## What you are asked to do
In the entries below, the word "pred" appears on some lines. Copy each of those lines.

========

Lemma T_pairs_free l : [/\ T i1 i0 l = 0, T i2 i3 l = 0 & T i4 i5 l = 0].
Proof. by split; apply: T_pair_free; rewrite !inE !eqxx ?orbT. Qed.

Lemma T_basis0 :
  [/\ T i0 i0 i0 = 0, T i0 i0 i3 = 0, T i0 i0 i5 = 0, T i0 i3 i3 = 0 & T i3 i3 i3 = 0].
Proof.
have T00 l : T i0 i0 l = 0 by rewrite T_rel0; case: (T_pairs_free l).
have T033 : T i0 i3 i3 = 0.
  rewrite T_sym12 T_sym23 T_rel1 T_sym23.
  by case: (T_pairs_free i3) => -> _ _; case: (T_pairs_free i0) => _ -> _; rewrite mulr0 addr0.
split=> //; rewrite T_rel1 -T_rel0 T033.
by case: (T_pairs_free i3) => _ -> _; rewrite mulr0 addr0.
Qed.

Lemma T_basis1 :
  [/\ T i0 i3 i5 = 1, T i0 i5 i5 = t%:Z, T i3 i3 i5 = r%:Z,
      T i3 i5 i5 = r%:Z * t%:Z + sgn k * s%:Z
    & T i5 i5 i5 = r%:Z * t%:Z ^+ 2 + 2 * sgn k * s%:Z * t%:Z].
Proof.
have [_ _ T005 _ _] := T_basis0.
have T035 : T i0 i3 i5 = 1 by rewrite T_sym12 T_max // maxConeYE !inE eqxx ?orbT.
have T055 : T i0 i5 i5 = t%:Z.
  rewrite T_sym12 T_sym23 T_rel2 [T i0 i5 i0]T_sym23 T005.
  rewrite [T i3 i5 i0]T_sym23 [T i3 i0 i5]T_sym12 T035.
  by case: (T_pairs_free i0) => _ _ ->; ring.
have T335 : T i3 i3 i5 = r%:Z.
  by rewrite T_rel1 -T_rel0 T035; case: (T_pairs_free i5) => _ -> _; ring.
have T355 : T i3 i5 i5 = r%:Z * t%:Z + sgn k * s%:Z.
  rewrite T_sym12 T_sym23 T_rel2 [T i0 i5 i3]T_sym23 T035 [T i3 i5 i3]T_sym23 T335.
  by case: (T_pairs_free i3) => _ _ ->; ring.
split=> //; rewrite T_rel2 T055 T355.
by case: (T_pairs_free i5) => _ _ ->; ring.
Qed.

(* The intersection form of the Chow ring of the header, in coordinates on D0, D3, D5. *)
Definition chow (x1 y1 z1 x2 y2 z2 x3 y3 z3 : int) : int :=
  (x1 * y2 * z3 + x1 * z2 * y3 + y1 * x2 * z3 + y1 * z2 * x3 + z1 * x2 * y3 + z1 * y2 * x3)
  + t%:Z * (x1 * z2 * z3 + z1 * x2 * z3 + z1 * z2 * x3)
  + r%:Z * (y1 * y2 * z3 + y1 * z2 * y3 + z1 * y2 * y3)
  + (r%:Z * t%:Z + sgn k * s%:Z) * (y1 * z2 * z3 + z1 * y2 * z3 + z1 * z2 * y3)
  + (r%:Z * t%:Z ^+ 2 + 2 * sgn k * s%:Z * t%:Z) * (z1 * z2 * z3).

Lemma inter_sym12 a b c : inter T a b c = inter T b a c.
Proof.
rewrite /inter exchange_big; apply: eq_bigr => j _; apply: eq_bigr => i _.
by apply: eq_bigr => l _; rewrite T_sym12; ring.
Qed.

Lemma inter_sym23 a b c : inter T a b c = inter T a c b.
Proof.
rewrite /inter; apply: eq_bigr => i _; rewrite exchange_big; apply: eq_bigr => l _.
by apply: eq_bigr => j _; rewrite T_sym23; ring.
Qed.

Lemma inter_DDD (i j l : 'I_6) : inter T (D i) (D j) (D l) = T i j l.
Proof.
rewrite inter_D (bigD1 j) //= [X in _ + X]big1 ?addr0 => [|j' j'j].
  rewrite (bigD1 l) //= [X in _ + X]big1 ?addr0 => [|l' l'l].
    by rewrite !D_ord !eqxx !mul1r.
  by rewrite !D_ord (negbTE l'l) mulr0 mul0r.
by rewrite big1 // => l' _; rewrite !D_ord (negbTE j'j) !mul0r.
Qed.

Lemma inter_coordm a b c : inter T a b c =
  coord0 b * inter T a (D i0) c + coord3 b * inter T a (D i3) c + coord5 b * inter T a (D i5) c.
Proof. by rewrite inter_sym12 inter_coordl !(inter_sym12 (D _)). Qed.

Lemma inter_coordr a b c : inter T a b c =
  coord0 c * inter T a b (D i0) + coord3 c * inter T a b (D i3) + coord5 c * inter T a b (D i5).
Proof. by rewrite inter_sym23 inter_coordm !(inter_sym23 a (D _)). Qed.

========

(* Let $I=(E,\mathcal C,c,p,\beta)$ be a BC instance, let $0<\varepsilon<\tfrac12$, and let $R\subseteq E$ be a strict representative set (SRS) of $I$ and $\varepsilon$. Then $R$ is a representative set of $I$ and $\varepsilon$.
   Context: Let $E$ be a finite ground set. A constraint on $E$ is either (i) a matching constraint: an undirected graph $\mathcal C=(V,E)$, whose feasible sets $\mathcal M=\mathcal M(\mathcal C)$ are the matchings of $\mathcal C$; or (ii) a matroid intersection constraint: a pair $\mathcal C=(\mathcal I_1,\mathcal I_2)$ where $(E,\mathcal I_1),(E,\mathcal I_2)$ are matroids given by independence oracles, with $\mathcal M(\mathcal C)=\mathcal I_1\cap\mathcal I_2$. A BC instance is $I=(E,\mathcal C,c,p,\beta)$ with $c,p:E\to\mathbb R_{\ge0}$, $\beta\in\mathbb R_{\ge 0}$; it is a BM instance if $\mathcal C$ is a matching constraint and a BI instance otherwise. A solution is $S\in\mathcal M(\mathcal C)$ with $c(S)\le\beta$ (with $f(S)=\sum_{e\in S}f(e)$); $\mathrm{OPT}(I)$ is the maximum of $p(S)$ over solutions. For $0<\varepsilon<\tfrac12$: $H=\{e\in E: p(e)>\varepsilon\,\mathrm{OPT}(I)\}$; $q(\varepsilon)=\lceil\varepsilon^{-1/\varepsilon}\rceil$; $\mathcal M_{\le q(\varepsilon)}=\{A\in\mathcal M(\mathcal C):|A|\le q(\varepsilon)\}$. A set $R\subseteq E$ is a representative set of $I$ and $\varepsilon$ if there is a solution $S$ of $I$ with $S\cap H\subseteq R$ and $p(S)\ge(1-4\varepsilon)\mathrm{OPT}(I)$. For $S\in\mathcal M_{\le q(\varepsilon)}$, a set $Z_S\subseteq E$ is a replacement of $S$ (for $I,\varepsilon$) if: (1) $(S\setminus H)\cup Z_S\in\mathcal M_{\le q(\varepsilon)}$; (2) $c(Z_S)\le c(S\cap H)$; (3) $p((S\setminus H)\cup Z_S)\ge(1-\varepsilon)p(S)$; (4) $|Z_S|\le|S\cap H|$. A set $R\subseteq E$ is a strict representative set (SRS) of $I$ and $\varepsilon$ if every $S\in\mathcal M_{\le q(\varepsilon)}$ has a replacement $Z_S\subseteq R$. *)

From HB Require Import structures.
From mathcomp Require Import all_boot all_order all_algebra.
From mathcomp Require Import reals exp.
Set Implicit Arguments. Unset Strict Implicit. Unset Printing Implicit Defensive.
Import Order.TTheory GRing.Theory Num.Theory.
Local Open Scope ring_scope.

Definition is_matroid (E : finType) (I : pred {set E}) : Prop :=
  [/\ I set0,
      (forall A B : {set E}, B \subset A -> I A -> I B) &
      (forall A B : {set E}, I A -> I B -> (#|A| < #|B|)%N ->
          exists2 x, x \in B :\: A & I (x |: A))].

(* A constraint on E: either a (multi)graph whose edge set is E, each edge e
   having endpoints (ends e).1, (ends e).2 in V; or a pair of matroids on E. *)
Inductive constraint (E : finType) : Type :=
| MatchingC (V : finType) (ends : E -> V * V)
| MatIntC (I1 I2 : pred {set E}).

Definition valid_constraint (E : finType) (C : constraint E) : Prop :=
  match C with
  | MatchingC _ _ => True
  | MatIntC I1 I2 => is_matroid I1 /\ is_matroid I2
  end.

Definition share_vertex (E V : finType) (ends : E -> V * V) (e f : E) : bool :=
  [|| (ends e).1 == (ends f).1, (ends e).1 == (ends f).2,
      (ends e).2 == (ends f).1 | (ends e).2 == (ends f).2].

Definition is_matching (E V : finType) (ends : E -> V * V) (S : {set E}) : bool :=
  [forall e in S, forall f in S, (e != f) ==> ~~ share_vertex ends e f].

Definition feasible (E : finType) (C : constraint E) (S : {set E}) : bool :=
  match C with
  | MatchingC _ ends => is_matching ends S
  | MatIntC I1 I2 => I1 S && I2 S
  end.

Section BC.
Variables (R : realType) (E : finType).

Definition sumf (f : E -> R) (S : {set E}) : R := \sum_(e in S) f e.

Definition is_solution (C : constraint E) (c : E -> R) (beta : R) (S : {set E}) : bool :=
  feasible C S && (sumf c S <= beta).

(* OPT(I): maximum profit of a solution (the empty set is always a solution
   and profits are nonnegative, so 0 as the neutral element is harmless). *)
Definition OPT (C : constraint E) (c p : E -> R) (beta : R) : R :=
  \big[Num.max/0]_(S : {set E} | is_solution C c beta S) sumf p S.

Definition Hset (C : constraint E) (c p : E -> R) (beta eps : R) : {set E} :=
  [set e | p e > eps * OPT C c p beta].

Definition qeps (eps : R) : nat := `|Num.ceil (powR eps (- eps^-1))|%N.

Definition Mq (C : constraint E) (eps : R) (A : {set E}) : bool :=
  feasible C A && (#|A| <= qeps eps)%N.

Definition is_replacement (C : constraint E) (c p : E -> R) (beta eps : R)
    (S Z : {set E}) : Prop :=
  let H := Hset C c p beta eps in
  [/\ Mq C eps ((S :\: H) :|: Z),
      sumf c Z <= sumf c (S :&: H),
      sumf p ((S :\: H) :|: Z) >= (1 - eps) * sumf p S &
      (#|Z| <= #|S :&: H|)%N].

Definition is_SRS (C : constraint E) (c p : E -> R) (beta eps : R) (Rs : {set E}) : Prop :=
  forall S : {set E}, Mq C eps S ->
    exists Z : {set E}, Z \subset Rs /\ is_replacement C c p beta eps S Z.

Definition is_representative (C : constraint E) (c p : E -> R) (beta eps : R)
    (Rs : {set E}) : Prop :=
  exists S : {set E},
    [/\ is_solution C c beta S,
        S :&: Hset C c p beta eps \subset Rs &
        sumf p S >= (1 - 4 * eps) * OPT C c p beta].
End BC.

========

## Exercise answer
Definition is_matroid (E : finType) (I : pred {set E}) : Prop :=
| MatIntC (I1 I2 : pred {set E}).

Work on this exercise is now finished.